*** Opening Source material ***

(* For positive integers $m, r$ with $r$ even and $m \geq 4$, $C_m(r) = 3$.
   Context: For positive integers $m, r$, $C_m(r)$ is the minimum odd positive integer $n$ such that there exist vectors $v_1, \ldots, v_n \in \mathbb{Z}^m$ (not necessarily distinct) with $|v_i| = \sqrt{r}$ for every $i$ and $v_1 + \cdots + v_n = \mathbf{0}$; if no such odd $n$ exists, $C_m(r) = 0$. Here $|\cdot|$ is the Euclidean norm. *)

From mathcomp Require Import all_boot all_order all_algebra.
From Stdlib Require Import ClassicalEpsilon.
Set Implicit Arguments. Unset Strict Implicit. Unset Printing Implicit Defensive.
Import Order.TTheory GRing.Theory Num.Theory.
Local Open Scope ring_scope.

Definition sqnorm (m : nat) (v : 'I_m -> int) : int := \sum_(j < m) v j ^+ 2.

Definition zero_sum_config (m r n : nat) : Prop :=
  exists v : 'I_n -> 'I_m -> int,
    (forall i, sqnorm (v i) = r%:Z) /\ (forall j : 'I_m, \sum_(i < n) v i j = 0).

Definition decide (P : Prop) : bool :=
  if excluded_middle_informative P then true else false.

Definition odd_config (m r : nat) : pred nat :=
  fun n => odd n && decide (zero_sum_config m r n).

(* C_m(r): least odd positive n with such a configuration, or 0 if none.
   (odd n already implies n > 0.) *)
Definition C (m r : nat) : nat :=
  match excluded_middle_informative (exists n, odd_config m r n) with
  | left H => ex_minn H
  | right _ => 0%N
  end.

(* Write r = 2k.  By Lagrange's four-square theorem k = |q|^2 for an integral
   quaternion q, and then q(1 - i), q(i - j), q(j - 1) are three vectors of Z^4
   of squared norm 2|q|^2 = r summing to 0; zero padding moves them into Z^m.
   A single vector summing to 0 is 0, so no smaller odd count works.
   Lagrange's theorem follows by Euler's descent: an odd prime p divides some
   x^2 + y^2 + 1 with x, y <= (p - 1)/2 (pigeonhole on the squares of F_p), and
   if Mp is a sum of four squares with 1 < M < p, reducing its roots to centred
   residues mod M and applying Euler's four-square identity makes rp one for
   some 0 < r < M. *)

From mathcomp Require Import all_boot all_order all_algebra zify ring.
From Stdlib Require Import ClassicalEpsilon.
Set Implicit Arguments. Unset Strict Implicit. Unset Printing Implicit Defensive.
Import Order.TTheory GRing.Theory Num.Theory.

Lemma injective_images_meet (T U : finType) (f g : T -> U) :
  injective f -> injective g -> #|U| < #|T| + #|T| -> exists x y, f x = g y.
Proof.
move=> f_inj g_inj card_lt.
have [/existsP[x /existsP[y /eqP fg]] | disj] := boolP [exists x, exists y, f x == g y].
  by exists x, y.
have fg x y : f x <> g y.
  by move=> fg; case/negP: disj; apply/existsP; exists x; apply/existsP; exists y; apply/eqP.
pose h (s : T + T) := match s with inl x => f x | inr y => g y end.
suff h_inj : injective h by have := leq_card _ h_inj; rewrite card_sum leqNgt card_lt.
case=> [x|y] [x'|y'] /= e.
- by rewrite (f_inj _ _ e).
- by case: (fg _ _ e).
- by case: (fg _ _ (esym e)).
- by rewrite (g_inj _ _ e).
Qed.

Section OddPrime.

Variable p : nat.
Hypotheses (p_prime : prime p) (p_odd : odd p).

Let p_half : p = (p./2).*2.+1.
Proof. by rewrite -[LHS]odd_double_half p_odd. Qed.

Lemma sqr_Fp_inj (x y : nat) : x <= p./2 -> y <= p./2 ->
  (x%:R ^+ 2 = y%:R ^+ 2 :> 'F_p)%R -> x = y.
Proof.
move=> x_le y_le /eqP; rewrite eqf_sqr => /orP[/eqP xy | /eqP xNy].
  by have := congr1 (@nat_of_ord _) xy; rewrite !val_Fp_nat // !modn_small //; lia.
have : p %| x + y by rewrite (dvdn_pcharf (pchar_Fp p_prime)) natrD xNy addNr.
have [xy0 | xy_gt0] := posnP (x + y); first lia.
by move/(dvdn_leq xy_gt0); lia.
Qed.

Lemma exists_dvd_sqr_add_sqr_add1 :
  exists x y, [/\ x <= p./2, y <= p./2 & p %| x ^ 2 + y ^ 2 + 1].
Proof.
pose f (x : 'I_(p./2).+1) : 'F_p := (x%:R ^+ 2)%R.
pose g (y : 'I_(p./2).+1) : 'F_p := (- 1 - y%:R ^+ 2)%R.
have ord_le (x : 'I_(p./2).+1) : x <= p./2 by rewrite -ltnS.
have f_inj : injective f by move=> x y /sqr_Fp_inj xy; apply/val_inj/xy.
have g_inj : injective g by move=> x y /addrI /oppr_inj /f_inj.
have [|x [y fg]] := injective_images_meet f_inj g_inj.
  by rewrite card_Fp // card_ord {1}p_half; lia.
exists x, y; split; rewrite ?ord_le // (dvdn_pcharf (pchar_Fp p_prime)).
by rewrite !natrD !natrX; move: fg; rewrite /f /g => ->; apply/eqP; ring.
Qed.

Lemma sqr_add_sqr_add1_lt (x y : nat) :
  x <= p./2 -> y <= p./2 -> x ^ 2 + y ^ 2 + 1 < p * p.
Proof.
have p_gt1 := prime_gt1 p_prime.
move: p_gt1; rewrite p_half; move: (p./2) => h; rewrite -mul2n -!mulnn => p_gt1 x_le y_le.
by have := leq_mul x_le x_le; have := leq_mul y_le y_le; nia.
Qed.

End OddPrime.

Local Open Scope ring_scope.

Definition sum_of_four_squares (n : int) : Prop :=
  exists a b c d : int, n = a ^+ 2 + b ^+ 2 + c ^+ 2 + d ^+ 2.

Lemma sum_of_four_squaresM (x y : int) :
  sum_of_four_squares x -> sum_of_four_squares y -> sum_of_four_squares (x * y).
Proof.
move=> [x1 [x2 [x3 [x4 ->]]]] [y1 [y2 [y3 [y4 ->]]]].
exists (x1 * y1 + x2 * y2 + x3 * y3 + x4 * y4), (x1 * y2 - x2 * y1 + x3 * y4 - x4 * y3),
  (x1 * y3 - x3 * y1 + x4 * y2 - x2 * y4), (x1 * y4 - x4 * y1 + x2 * y3 - x3 * y2).
ring.
Qed.

Lemma centered_residue (M x : int) : 0 < M -> exists q, - M < 2 * (x - M * q) <= M.
Proof.
move=> M_gt0; have M_neq0 := lt0r_neq0 M_gt0.
have := divz_eq x M; have := modz_ge0 x M_neq0; have := ltz_pmod x M_gt0.
set q := (x %/ M)%Z; set s := (x %% M)%Z => ? ? ?.
by case: (lerP (2 * s) M) => ?; [exists q | exists (q + 1)]; lia.
Qed.

Lemma prime_no_proper_dvdz (p : nat) (M : int) :
  prime p -> 1 < M < p%:Z -> ~~ (M %| p%:Z)%Z.
Proof.
move=> /primeP[_ p_div] M_bounds; rewrite dvdzE /=.
by apply/negP => /p_div /orP[] /eqP; lia.
Qed.

Lemma centered_sqr_leif (M y : int) :
  - M < 2 * y <= M -> 4 * y ^+ 2 <= M ^+ 2 ?= iff (2 * y == M).
Proof.
rewrite !expr2 => /andP[? ?]; split; first nia.
by apply/eqP/eqP => ?; nia.
Qed.

Section FourSquaresDescent.

Variables (p : nat) (M q1 q2 q3 q4 y1 y2 y3 y4 : int).
Hypotheses (p_prime : prime p) (M_bounds : 1 < M < p%:Z)
  (Mp_sum : M * p%:Z = (M * q1 + y1) ^+ 2 + (M * q2 + y2) ^+ 2
                       + (M * q3 + y3) ^+ 2 + (M * q4 + y4) ^+ 2).
Hypotheses (y1_centered : - M < 2 * y1 <= M) (y2_centered : - M < 2 * y2 <= M)
  (y3_centered : - M < 2 * y3 <= M) (y4_centered : - M < 2 * y4 <= M).

Let r := p%:Z - M * (q1 ^+ 2 + q2 ^+ 2 + q3 ^+ 2 + q4 ^+ 2)
  - 2 * (q1 * y1 + q2 * y2 + q3 * y3 + q4 * y4).

Let M_gt0 : 0 < M. Proof. by case/andP: M_bounds => /(lt_trans ltr01). Qed.

Lemma sum_residue_sqr : y1 ^+ 2 + y2 ^+ 2 + y3 ^+ 2 + y4 ^+ 2 = M * r.
Proof.
have -> : M * r = M * p%:Z - M * (M * (q1 ^+ 2 + q2 ^+ 2 + q3 ^+ 2 + q4 ^+ 2)
  + 2 * (q1 * y1 + q2 * y2 + q3 * y3 + q4 * y4)) by rewrite /r; ring.
by rewrite Mp_sum; ring.
Qed.

Lemma descent_factor_gt0 : 0 < r.
Proof.
have : 0 <= M * r by rewrite -sum_residue_sqr !addr_ge0 ?sqr_ge0.
rewrite lt0r pmulr_rge0 // => -> ; rewrite andbT.
apply/contraNneq: (prime_no_proper_dvdz p_prime M_bounds) => r0.
have : y1 ^+ 2 + y2 ^+ 2 + y3 ^+ 2 + y4 ^+ 2 == 0 by rewrite sum_residue_sqr r0 mulr0.
rewrite !paddr_eq0 ?addr_ge0 ?sqr_ge0 // !sqrf_eq0.
case/andP=> /andP[/andP[/eqP y1_0 /eqP y2_0] /eqP y3_0] /eqP y4_0.
apply/dvdzP; exists (q1 ^+ 2 + q2 ^+ 2 + q3 ^+ 2 + q4 ^+ 2).
apply: (mulfI (lt0r_neq0 M_gt0)); rewrite Mp_sum y1_0 y2_0 y3_0 y4_0.
ring.
Qed.

Lemma descent_factor_ltM : r < M.
Proof.
have := leifD (leifD (leifD (centered_sqr_leif y1_centered)
  (centered_sqr_leif y2_centered)) (centered_sqr_leif y3_centered))
  (centered_sqr_leif y4_centered).
have -> : 4 * y1 ^+ 2 + 4 * y2 ^+ 2 + 4 * y3 ^+ 2 + 4 * y4 ^+ 2 = 4 * M * r.
  by rewrite -mulrA -sum_residue_sqr; ring.
have -> : M ^+ 2 + M ^+ 2 + M ^+ 2 + M ^+ 2 = 4 * M * M by ring.
have M4_gt0 : 0 < 4 * M by rewrite mulr_gt0.
case; rewrite ler_pM2l // => r_leM /esym all_half; rewrite lt_neqAle r_leM andbT.
apply/contraNneq: (prime_no_proper_dvdz p_prime M_bounds) => rM.
move: all_half; rewrite rM eqxx.
case/andP=> /andP[/andP[/eqP y1_half /eqP y2_half] /eqP y3_half] /eqP y4_half.
(* With 2 y_i = M, 4 M p = M^2 (sum of the (2 q_i + 1)^2). *)
apply/dvdzP; exists (q1 ^+ 2 + q1 + q2 ^+ 2 + q2 + q3 ^+ 2 + q3 + q4 ^+ 2 + q4 + 1).
apply: (mulfI (lt0r_neq0 M4_gt0)).
have -> : 4 * M * p%:Z = (2 * M * q1 + 2 * y1) ^+ 2 + (2 * M * q2 + 2 * y2) ^+ 2
  + (2 * M * q3 + 2 * y3) ^+ 2 + (2 * M * q4 + 2 * y4) ^+ 2 by rewrite -mulrA Mp_sum; ring.
by rewrite y1_half y2_half y3_half y4_half; ring.
Qed.

Lemma descent_factor_mul_sum_of_four_squares : sum_of_four_squares (r * p%:Z).
Proof.
(* Euler's identity for the roots M q_i + y_i of M p and the roots y_i of M r
   has all four terms divisible by M; the w_i are the quotients. *)
pose w1 := r + (q1 * y1 + q2 * y2 + q3 * y3 + q4 * y4).
pose w2 := q1 * y2 - q2 * y1 + q4 * y3 - q3 * y4.
pose w3 := q1 * y3 - q3 * y1 + q2 * y4 - q4 * y2.
pose w4 := q1 * y4 - q4 * y1 + q3 * y2 - q2 * y3.
exists w1, w2, w3, w4; apply: (mulfI (lt0r_neq0 (mulr_gt0 M_gt0 M_gt0))).
have Mw1 : M * w1 = (M * q1 + y1) * y1 + (M * q2 + y2) * y2
                    + (M * q3 + y3) * y3 + (M * q4 + y4) * y4.
  by rewrite mulrDr -sum_residue_sqr; ring.
transitivity ((M * r) * (M * p%:Z)); first by ring.
rewrite -sum_residue_sqr Mp_sum.
transitivity ((M * w1) ^+ 2 + (M * w2) ^+ 2 + (M * w3) ^+ 2 + (M * w4) ^+ 2); last by ring.
by rewrite Mw1 /w2 /w3 /w4; ring.
Qed.

Lemma descent_factor_exists :
  exists2 r : int, 0 < r < M & sum_of_four_squares (r * p%:Z).
Proof.
exists r; last exact: descent_factor_mul_sum_of_four_squares.
by rewrite descent_factor_gt0 descent_factor_ltM.
Qed.

End FourSquaresDescent.

Lemma sum_of_four_squares_descent (p m : nat) :
  prime p -> (1 < m < p)%N -> sum_of_four_squares (m%:Z * p%:Z) ->
  exists2 k : nat, (0 < k < m)%N & sum_of_four_squares (k%:Z * p%:Z).
Proof.
move=> p_prime m_bounds [x1 [x2 [x3 [x4 mp_sum]]]].
have mZ_bounds : 1 < m%:Z < p%:Z by rewrite !ltz_nat.
have mZ_gt0 : 0 < m%:Z by rewrite ltz_nat; lia.
have [q1 c1] := centered_residue x1 mZ_gt0; have [q2 c2] := centered_residue x2 mZ_gt0.
have [q3 c3] := centered_residue x3 mZ_gt0; have [q4 c4] := centered_residue x4 mZ_gt0.
have mp_split : m%:Z * p%:Z =
    (m%:Z * q1 + (x1 - m%:Z * q1)) ^+ 2 + (m%:Z * q2 + (x2 - m%:Z * q2)) ^+ 2
  + (m%:Z * q3 + (x3 - m%:Z * q3)) ^+ 2 + (m%:Z * q4 + (x4 - m%:Z * q4)) ^+ 2.
  by rewrite mp_sum; ring.
have [r /andP[r_gt0 r_ltm] rp_sum] :=
  descent_factor_exists p_prime mZ_bounds mp_split c1 c2 c3 c4.
have r_ge0 := ltW r_gt0.
exists `|r|%N; last by rewrite gez0_abs.
by rewrite absz_gt0 (lt0r_neq0 r_gt0) -ltz_nat gez0_abs.
Qed.

Lemma sum_of_four_squares_prime_mul (p m : nat) :
  prime p -> (0 < m < p)%N -> sum_of_four_squares (m%:Z * p%:Z) ->
  sum_of_four_squares p%:Z.
Proof.
move=> p_prime; elim/ltn_ind: m => m IHm m_bounds mp_sum.
have [m1 | m_neq1] := eqVneq m 1%N; first by rewrite m1 mul1r in mp_sum.
have [|k k_bounds kp_sum] := sum_of_four_squares_descent p_prime _ mp_sum; first lia.
by apply: (IHm k) => //; lia.
Qed.

Lemma sum_of_four_squares_prime (p : nat) : prime p -> sum_of_four_squares p%:Z.
Proof.
move=> p_prime; have [-> | p_odd] := even_prime p_prime; first by exists 1, 1, 0, 0.
have [x [y [x_le y_le p_dvd]]] := exists_dvd_sqr_add_sqr_add1 p_prime p_odd.
have p_gt0 := prime_gt0 p_prime.
have sum_lt := sqr_add_sqr_add1_lt p_prime p_odd x_le y_le.
apply: (@sum_of_four_squares_prime_mul _ ((x ^ 2 + y ^ 2 + 1) %/ p) p_prime).
  by rewrite divn_gt0 // ltn_divLR // sum_lt andbT (dvdn_leq _ p_dvd) // addn1.
by rewrite -PoszM divnK //; exists x%:Z, y%:Z, 1, 0; lia.
Qed.

Lemma sum_of_four_squares_nat (n : nat) : sum_of_four_squares n%:Z.
Proof.
elim/ltn_ind: n => n IHn.
have [n_le1 | n_gt1] := leqP n 1.
  by case: n n_le1 {IHn} => [|[|]] // _; [exists 0, 0, 0, 0 | exists 1, 0, 0, 0].
have pdiv_n_prime := pdiv_prime n_gt1.
rewrite -(divnK (pdiv_dvd n)) PoszM.
apply: sum_of_four_squaresM; last exact: sum_of_four_squares_prime.
by apply: IHn; rewrite ltn_Pdiv ?prime_gt1 //; lia.
Qed.

Lemma zero_sum_config_padr (m k r n : nat) :
  zero_sum_config m r n -> zero_sum_config (m + k) r n.
Proof.
case=> v [v_norm v_sum].
pose pad i (j : 'I_(m + k)) := if split j is inl j' then v i j' else 0.
have split_lshift (j : 'I_m) : split (lshift k j) = inl j := unsplitK (inl j).
have split_rshift (j : 'I_k) : split (rshift m j) = inr j := unsplitK (inr j).
exists pad; split => [i | j].
  rewrite /sqnorm big_split_ord /= [X in _ + X]big1 => [|j _].
    by rewrite addr0 -(v_norm i); apply: eq_bigr => j _; rewrite /pad split_lshift.
  by rewrite /pad split_rshift expr0n.
by rewrite /pad; case: (split j) => [j'|_]; [exact: v_sum | exact: big1].
Qed.

(* Row i holds the coordinates in (1, i, j, k) of q e_i, where q = a + bi + cj + dk
   and (e_0, e_1, e_2) = (1 - i, i - j, j - 1). *)
Definition quaternion_triangle (a b c d : int) (i : 'I_3) (j : 'I_4) : int :=
  match val i, val j with
  | 0, 0 => a + b   | 0, 1 => b - a   | 0, 2 => c - d   | 0, _ => c + d
  | 1, 0 => c - b   | 1, 1 => a + d   | 1, 2 => d - a   | 1, _ => - b - c
  | _, 0 => - a - c | _, 1 => - b - d | _, 2 => a - c   | _, _ => b - d
  end.

Lemma zero_sum_config_4_3 (r : nat) : ~~ odd r -> zero_sum_config 4 r 3.
Proof.
move=> r_even; have [a [b [c [d abcd]]]] := sum_of_four_squares_nat r./2.
exists (quaternion_triangle a b c d); split => [i | j].
  have -> : r%:Z = 2 * (a ^+ 2 + b ^+ 2 + c ^+ 2 + d ^+ 2).
    by rewrite -abcd -[r in LHS]odd_double_half (negbTE r_even) add0n -mul2n PoszM.
  rewrite /sqnorm !big_ord_recl big_ord0 /quaternion_triangle.
  by case: i => [[|[|[|i]]] ?] //=; ring.
rewrite !big_ord_recl big_ord0 /quaternion_triangle.
by case: j => [[|[|[|[|j]]]] ?] //=; ring.
Qed.

Lemma zero_sum_config1 (m r : nat) : zero_sum_config m r 1 -> r = 0%N.
Proof.
case=> v [v_norm v_sum]; apply/eqP; rewrite -eqz_nat -(v_norm ord0).
by rewrite /sqnorm big1 // => j _; move: (v_sum j); rewrite big_ord1 => ->; rewrite expr0n.
Qed.

Lemma decideP (P : Prop) : reflect P (decide P).
Proof. by rewrite /decide; case: excluded_middle_informative => ?; constructor. Qed.

Lemma C_eq (m r n : nat) :
  odd_config m r n -> (forall k, odd_config m r k -> n <= k)%N -> C m r = n.
Proof.
move=> n_config n_min; rewrite /C.
case: excluded_middle_informative => [ex | []]; last by exists n.
case: ex_minnP => k k_config k_min.
by apply/eqP; rewrite eqn_leq k_min // n_min.
Qed.

Theorem lemma4 (m r : nat) : (0 < r)%N -> ~~ odd r -> (4 <= m)%N -> C m r = 3%N.
Proof.
move=> r_gt0 r_even m_ge4.
apply: C_eq => [|k /andP[k_odd /decideP k_config]].
  apply/decideP; rewrite -(subnKC m_ge4).
  exact: zero_sum_config_padr (zero_sum_config_4_3 r_even).
case: k k_odd k_config => [|[|[|k]]] // _ /zero_sum_config1 r0.
by rewrite r0 in r_gt0.
Qed.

*** Closing Source material ***

_Required action_
Taking the records above, retype every line from the one with "Proof. by rewrite -[LHS]odd_double_half" down to the one with "have ord_le (x", exactly and with nothing else.

_Finished exercise_
Proof. by rewrite -[LHS]odd_double_half p_odd. Qed.

Lemma sqr_Fp_inj (x y : nat) : x <= p./2 -> y <= p./2 ->
  (x%:R ^+ 2 = y%:R ^+ 2 :> 'F_p)%R -> x = y.
Proof.
move=> x_le y_le /eqP; rewrite eqf_sqr => /orP[/eqP xy | /eqP xNy].
  by have := congr1 (@nat_of_ord _) xy; rewrite !val_Fp_nat // !modn_small //; lia.
have : p %| x + y by rewrite (dvdn_pcharf (pchar_Fp p_prime)) natrD xNy addNr.
have [xy0 | xy_gt0] := posnP (x + y); first lia.
by move/(dvdn_leq xy_gt0); lia.
Qed.

Lemma exists_dvd_sqr_add_sqr_add1 :
  exists x y, [/\ x <= p./2, y <= p./2 & p %| x ^ 2 + y ^ 2 + 1].
Proof.
pose f (x : 'I_(p./2).+1) : 'F_p := (x%:R ^+ 2)%R.
pose g (y : 'I_(p./2).+1) : 'F_p := (- 1 - y%:R ^+ 2)%R.
have ord_le (x : 'I_(p./2).+1) : x <= p./2 by rewrite -ltnS.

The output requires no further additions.